29 En zoals Jesaja van tevoren gezegd heeft: Als de Heere van de hemelse legermachten ons geen nageslacht had overgelaten, zouden wij als Sodom zijn geworden en aan Gomorra gelijkgemaakt zijn geweest. 30 Wat zullen wij dan zeggen? Dit: dat de heidenen, die geen gerechtigheid hebben nagejaagd, gerechtigheid verkregen hebben, gerechtigheid echter die uit het geloof is. (Romeinen 9:25-28)
Uit de bewoording kunnen we begrijpen dat Paulus zich richt op de joden, zijn eigen volk. En hij haalt er een tekst bij uit Jesaja. Want de joden mogen er trots op zijn dat ze het uitgekozen volk zijn vanaf de belofte die God gaf aan Abraham, maar daar kunnen ze geen misbruik van maken. Het blijft altijd de genade en liefde van God en die kunnen ze niet eigen maken, het blijft altijd Gods liefde.
De tekst uit Jesaja gebruikt Paulus om aan te geven dat het allemaal niet zo vanzelfsprekend is. Het is God die er voor gezorgd heeft dat er nog een nageslacht is van Abraham. Het is God die in Zijn liefde Zich aan Zijn belofte houdt, anders was er niets overgebleven van het volk Israël.
En wat voor conclusie trekt Paulus daaruit voor de joden? De heidenen hebben gerechtigheid ontvangen door geloof. Dat wat Paulus al vanaf hoofdstuk 1 probeert uit te leggen, wil hij nogmaals benadrukken. Er is nu maar één weg en dat is de weg van het geloof, het vertrouwen op God. Vertrouwen op Gods liefde en genade, zoals men dat eigenlijk in het oude testament ook al moest doen, het is Gods keuze, het is Gods genade, het is Gods liefde, het is Gods werk en wij mogen daar op vertrouwen.

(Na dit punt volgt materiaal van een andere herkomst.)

(* Let $E$ be a finite set and $\mathcal{A}$ a set-arrangement on $E$. For each $A\in\mathcal{A}$ let $R_A\subseteq[\mathcal{F}(A),\mathcal{F}(A)]$ and $L_A=\mathcal{F}(A)/\langle R_A\rangle$. Let $\mathcal{L}=\mathcal{F}(E)/\langle R\rangle$, where $$R=\bigcup_{A\in\mathcal{A}}R_A\ \cup\ \{[x,y]:\ x,y\in E,\ \{x,y\}\not\subseteq A \text{ for every } A\in\mathcal{A}\}.$$ For $A\in\mathcal{A}$ let $\pi_A:\mathcal{L}\to L_A$ be the Lie homomorphism sending each $x\in E\setminus A$ to $0$ and each $x\in A$ to itself, and let $s_A:L_A\to\mathcal{L}$ be the Lie homomorphism induced by the inclusion $A\subseteq E$ (so $\pi_A\circ s_A=\mathrm{id}_{L_A}$). Let $\pi_A'$ and $s_A'$ denote the restrictions to the derived algebras $\mathcal{L}'=[\mathcal{L},\mathcal{L}]$ and $L_A'=[L_A,L_A]$, and let $I$ be the kernel of the surjective Lie homomorphism $\pi=\bigoplus_{A\in\mathcal{A}}\pi_A':\mathcal{L}'\to\bigoplus_{A\in\mathcal{A}}L_A'$. Then $I=0$ if and only if $[x,s_A'(L_A')]=0$ in $\mathcal{L}$ for all $A\in\mathcal{A}$ and all $x\in E\setminus A$.
   Context: All Lie algebras are over a fixed field. $\mathcal{F}(X)$ denotes the free Lie algebra on a set $X$, and $\langle S\rangle$ the ideal generated by $S$. A set-arrangement on a finite set $E$ is a set $\mathcal{A}$ of subsets of $E$ such that $|A|\ge 3$ for all $A\in\mathcal{A}$ and $|A\cap B|\le 1$ for all distinct $A,B\in\mathcal{A}$. In the claim, elements $x\in E$ are identified with their images in $\mathcal{L}$. *)

From mathcomp Require Import all_boot all_algebra.
Set Implicit Arguments. Unset Strict Implicit. Unset Printing Implicit Defensive.
Import GRing.Theory.
Local Open Scope ring_scope.

Inductive lterm (K : Type) (X : Type) : Type :=
| LVar of X
| LZero
| LAdd of lterm K X & lterm K X
| LScale of K & lterm K X
| LBr of lterm K X & lterm K X.
Arguments LVar {K X} x.
Arguments LZero {K X}.
Arguments LAdd {K X} t u.
Arguments LScale {K X} k t.
Arguments LBr {K X} t u.

Fixpoint lsubst (K : Type) (X Y : Type) (f : X -> lterm K Y) (t : lterm K X) : lterm K Y :=
  match t with
  | LVar x => f x
  | LZero => LZero
  | LAdd t u => LAdd (lsubst f t) (lsubst f u)
  | LScale k t => LScale k (lsubst f t)
  | LBr t u => LBr (lsubst f t) (lsubst f u)
  end.

(* Congruence on terms whose quotient is F(X)/<Rel>: Lie algebra axioms over K,
   compatibility with operations, and the relations r ~ 0 for r in Rel
   (the ideal closure follows from compatibility with brackets). *)
Inductive lcong (K : fieldType) (X : Type) (Rel : lterm K X -> Prop)
  : lterm K X -> lterm K X -> Prop :=
| lc_refl t : lcong Rel t t
| lc_sym t u : lcong Rel t u -> lcong Rel u t
| lc_trans t u v : lcong Rel t u -> lcong Rel u v -> lcong Rel t v
| lc_add t t' u u' : lcong Rel t t' -> lcong Rel u u' -> lcong Rel (LAdd t u) (LAdd t' u')
| lc_scale k t t' : lcong Rel t t' -> lcong Rel (LScale k t) (LScale k t')
| lc_br t t' u u' : lcong Rel t t' -> lcong Rel u u' -> lcong Rel (LBr t u) (LBr t' u')
| lc_addA t u v : lcong Rel (LAdd t (LAdd u v)) (LAdd (LAdd t u) v)
| lc_addC t u : lcong Rel (LAdd t u) (LAdd u t)
| lc_add0 t : lcong Rel (LAdd t LZero) t
| lc_scale1 t : lcong Rel (LScale 1 t) t
| lc_scale0 t : lcong Rel (LScale 0 t) LZero
| lc_scaleA k l t : lcong Rel (LScale k (LScale l t)) (LScale (k * l) t)
| lc_scaleDr k t u : lcong Rel (LScale k (LAdd t u)) (LAdd (LScale k t) (LScale k u))
| lc_scaleDl k l t : lcong Rel (LScale (k + l) t) (LAdd (LScale k t) (LScale l t))
| lc_brDl t u v : lcong Rel (LBr (LAdd t u) v) (LAdd (LBr t v) (LBr u v))
| lc_brDr t u v : lcong Rel (LBr t (LAdd u v)) (LAdd (LBr t u) (LBr t v))
| lc_brZl k t u : lcong Rel (LBr (LScale k t) u) (LScale k (LBr t u))
| lc_brZr k t u : lcong Rel (LBr t (LScale k u)) (LScale k (LBr t u))
| lc_brtt t : lcong Rel (LBr t t) LZero
| lc_jacobi t u v :
    lcong Rel (LAdd (LAdd (LBr t (LBr u v)) (LBr u (LBr v t))) (LBr v (LBr t u))) LZero
| lc_rel r : Rel r -> lcong Rel r LZero.

(* terms that are linear combinations of brackets: they represent exactly the
   elements of the derived algebra [L, L] of any quotient L of the free Lie algebra *)
Inductive derived (K : Type) (X : Type) : lterm K X -> Prop :=
| der_zero : derived LZero
| der_add t u : derived t -> derived u -> derived (LAdd t u)
| der_scale k t : derived t -> derived (LScale k t)
| der_br t u : derived (LBr t u).

(* no relations: the free Lie algebra F(X) *)
Definition norel (K : Type) (X : Type) : lterm K X -> Prop := fun _ => False.

Definition in_derived_free (K : fieldType) (X : Type) (r : lterm K X) : Prop :=
  exists t, derived t /\ lcong (@norel K X) r t.

Definition set_arrangement (E : finType) (Ar : {set {set E}}) : Prop :=
  (forall A, A \in Ar -> 3 <= #|A|)%N /\
  (forall A B, A \in Ar -> B \in Ar -> A != B -> #|A :&: B| <= 1)%N.

Definition elems (E : finType) (A : {set E}) : Type := {x : E | x \in A}.

Definition sA (K : Type) (E : finType) (A : {set E}) (t : lterm K (elems A)) : lterm K E :=
  lsubst (fun x : elems A => LVar (sval x)) t.

Definition piA_var (K : Type) (E : finType) (A : {set E}) (x : E) : lterm K (elems A) :=
  match boolP (x \in A) with
  | AltTrue h => LVar (exist _ x h)
  | AltFalse _ => LZero
  end.

Definition piA (K : Type) (E : finType) (A : {set E}) (t : lterm K E) : lterm K (elems A) :=
  lsubst (@piA_var K E A) t.

Definition Rtot (K : Type) (E : finType) (Ar : {set {set E}})
  (RA : forall A : {set E}, lterm K (elems A) -> Prop) (r : lterm K E) : Prop :=
  (exists2 A, A \in Ar & exists2 r', RA A r' & r = sA r') \/
  (exists x y : E, (forall A, A \in Ar -> ~ (x \in A /\ y \in A)) /\ r = LBr (LVar x) (LVar y)).

From mathcomp Require Import all_boot all_algebra.
From Stdlib Require Import Setoid Morphisms.
Set Implicit Arguments. Unset Strict Implicit. Unset Printing Implicit Defensive.
Import GRing.Theory.
Local Open Scope ring_scope.

(* For A != B in the arrangement, |A ∩ B| <= 1, so pi_B sends the generators
   of s_A(L_A) into a line, an abelian subalgebra; hence pi_B kills s_A(L_A').
   With pi_A ∘ s_A = id this gives pi_B (s_A w) = w if B = A and 0 otherwise
   for w in L_A'.  So [x, s_A t] with x ∉ A lies in I, which gives one
   direction.  Conversely, under the centralising hypothesis the subspace
   sum_A s_A(L_A') is an ideal of L: bracketing s_A w with a generator x gives
   s_A [x, w] if x ∈ A and 0 otherwise.  It contains every [x, y] (either x, y
   lie in a common A, or [x, y] is a relation), so it is all of L'.  Writing
   z ∈ I as sum_A s_A w_A and projecting shows that each w_B is 0 in L_B. *)

#[export] Instance lcong_equiv (K : fieldType) (X : Type) (Rel : lterm K X -> Prop) :
  Equivalence (lcong Rel).
Proof. split; [exact: lc_refl | exact: lc_sym | exact: lc_trans]. Qed.

#[export] Instance LAdd_proper (K : fieldType) (X : Type) (Rel : lterm K X -> Prop) :
  Proper (lcong Rel ==> lcong Rel ==> lcong Rel) (@LAdd K X).
Proof. by move=> ? ? ? ? ? ?; apply: lc_add. Qed.

#[export] Instance LBr_proper (K : fieldType) (X : Type) (Rel : lterm K X -> Prop) :
  Proper (lcong Rel ==> lcong Rel ==> lcong Rel) (@LBr K X).
Proof. by move=> ? ? ? ? ? ?; apply: lc_br. Qed.

#[export] Instance LScale_proper (K : fieldType) (X : Type) (Rel : lterm K X -> Prop) k :
  Proper (lcong Rel ==> lcong Rel) (@LScale K X k).
Proof. by move=> ? ? ?; apply: lc_scale. Qed.

#[export] Hint Resolve lc_refl : core.

Section LieIdentities.

Variables (K : fieldType) (X : Type) (Rel : lterm K X -> Prop).

Lemma ladd0l t : lcong Rel (LAdd LZero t) t.
Proof. by rewrite lc_addC; apply: lc_add0. Qed.

Lemma lscaler0 k : lcong Rel (LScale k LZero) LZero.
Proof.
rewrite -{1}(lc_scale0 Rel LZero) lc_scaleA mulr0.
exact: lc_scale0.
Qed.

Lemma lbr0l u : lcong Rel (LBr LZero u) LZero.
Proof. by rewrite -{1}(lc_scale0 Rel u) lc_brZl; apply: lc_scale0. Qed.

Lemma lbr0r u : lcong Rel (LBr u LZero) LZero.
Proof. by rewrite -{1}(lc_scale0 Rel u) lc_brZr; apply: lc_scale0. Qed.

Lemma laddACA a b c d :
  lcong Rel (LAdd (LAdd a b) (LAdd c d)) (LAdd (LAdd a c) (LAdd b d)).
Proof.
by rewrite -lc_addA (lc_addA Rel b) (lc_addC Rel b c) -(lc_addA Rel c) lc_addA.
Qed.

Lemma ladd_eq0 a b : lcong Rel (LAdd a b) LZero -> lcong Rel a (LScale (-1) b).
Proof.
move=> ab0.
have bNb : lcong Rel (LAdd b (LScale (-1) b)) LZero.
  by rewrite -{1}(lc_scale1 Rel b) -lc_scaleDl subrr; apply: lc_scale0.
by rewrite -[a]lc_add0 -bNb lc_addA ab0 ladd0l.
Qed.

Lemma lbr_anti t u : lcong Rel (LBr t u) (LScale (-1) (LBr u t)).
Proof.
apply: ladd_eq0.
have := lc_brtt Rel (LAdd t u).
by rewrite lc_brDl !lc_brDr !lc_brtt ladd0l lc_add0.
Qed.

Lemma lbr_jacobi a b z :
  lcong Rel (LBr (LBr a b) z) (LAdd (LBr a (LBr b z)) (LBr b (LBr z a))).
Proof.
have jac := lc_jacobi Rel a b z; rewrite lc_addC in jac; move/ladd_eq0: jac => jac.
by rewrite lbr_anti jac lc_scaleA mulrNN mulr1 lc_scale1.
Qed.

End LieIdentities.

Section Substitution.

Variables (K : Type) (X Y : Type).

Lemma lsubst_comp (Z : Type) (f : X -> lterm K Y) (g : Y -> lterm K Z) t :
  lsubst g (lsubst f t) = lsubst (fun x => lsubst g (f x)) t.
Proof. by elim: t => //= *; f_equal. Qed.

Lemma eq_lsubst (f g : X -> lterm K Y) : f =1 g -> lsubst f =1 lsubst g.
Proof. by move=> fg; elim=> //= *; f_equal. Qed.

Lemma lsubst_var (t : lterm K X) : lsubst LVar t = t.
Proof. by elim: t => //= *; f_equal. Qed.

End Substitution.

Section SubstitutionCongruence.

Variables (K : fieldType) (X Y : Type).

Lemma lsubst_cong (Rel : lterm K X -> Prop) (Rel' : lterm K Y -> Prop)
    (f : X -> lterm K Y) :
  (forall r, Rel r -> lcong Rel' (lsubst f r) LZero) ->
  forall t u, lcong Rel t u -> lcong Rel' (lsubst f t) (lsubst f u).
Proof.
move=> fRel t u; elim=> /=; intros;
  solve [constructor; auto | econstructor; eauto | auto].
Qed.

Variables (Rel : lterm K Y -> Prop) (f : X -> lterm K Y) (g : lterm K Y).
Hypothesis f_line : forall x, f x = LZero \/ f x = g.

Lemma lsubst_line t : exists c, lcong Rel (lsubst f t) (LScale c g).
Proof.
elim: t => /= [x||t [c tc] u [d ud]|k t [c tc]|t [c tc] u [d ud]].
- by case: (f_line x) => ->; [exists 0 | exists 1]; rewrite ?lc_scale0 ?lc_scale1.
- by exists 0; rewrite lc_scale0.
- by exists (c + d); rewrite tc ud lc_scaleDl.
- by exists (k * c); rewrite tc lc_scaleA.
- by exists 0; rewrite tc ud lc_brZl lc_brZr lc_brtt !lscaler0 lc_scale0.
Qed.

God doet, als God het niet doet dan gebeurd het niet, dan zijn wij christenen ook net zoals Sodom en Gomorra. Het is God die de kerk bij elkaar houdt, het is God die ons genade geeft. Wij kunnen het niet ons evangelie maken, het is niet onze dogma, het is God die in Zijn genade en liefde ons bij elkaar houdt en ons sterk maakt. Het is niet vanzelfsprekend.
Dat is de les die de joden moeten leren volgens Paulus. En nu moeten wij dat ook leren, nu wij al zolang ook tot Zijn volk horen. Het moet niet vanzelfsprekend worden, het is Gods werk dat wij er nu nog zijn, dat wij Jezus hebben leren kennen. En zo moeten wij doorgaan in ons geloof. Vertrouwen dat het Gods werk is in ons leven, het is Gods genade elke dag weer.
22 Het is de goedertierenheid van de HEERE dat wij niet omgekomen zijn, dat Zijn barmhartigheid niet opgehouden is! 23 Nieuw zijn ze, elke morgen; groot is Uw trouw! 24 Mijn deel is de HEERE, zegt mijn ziel, daarom zal ik op Hem hopen. (Klaagliederen 3:22-24)
En dat is ook wat dit vers in klaagliederen ons wil leren. Het is Gods genade en die is nieuw elke morgen. En zo moeten wij daar ook uit leven, de genade van God is nieuw elke morgen weer voor ons. Elke morgen weer mogen wij dankbaar zijn, niet dat we nog leven, maar dat Gods genade nog werkt in ons leven.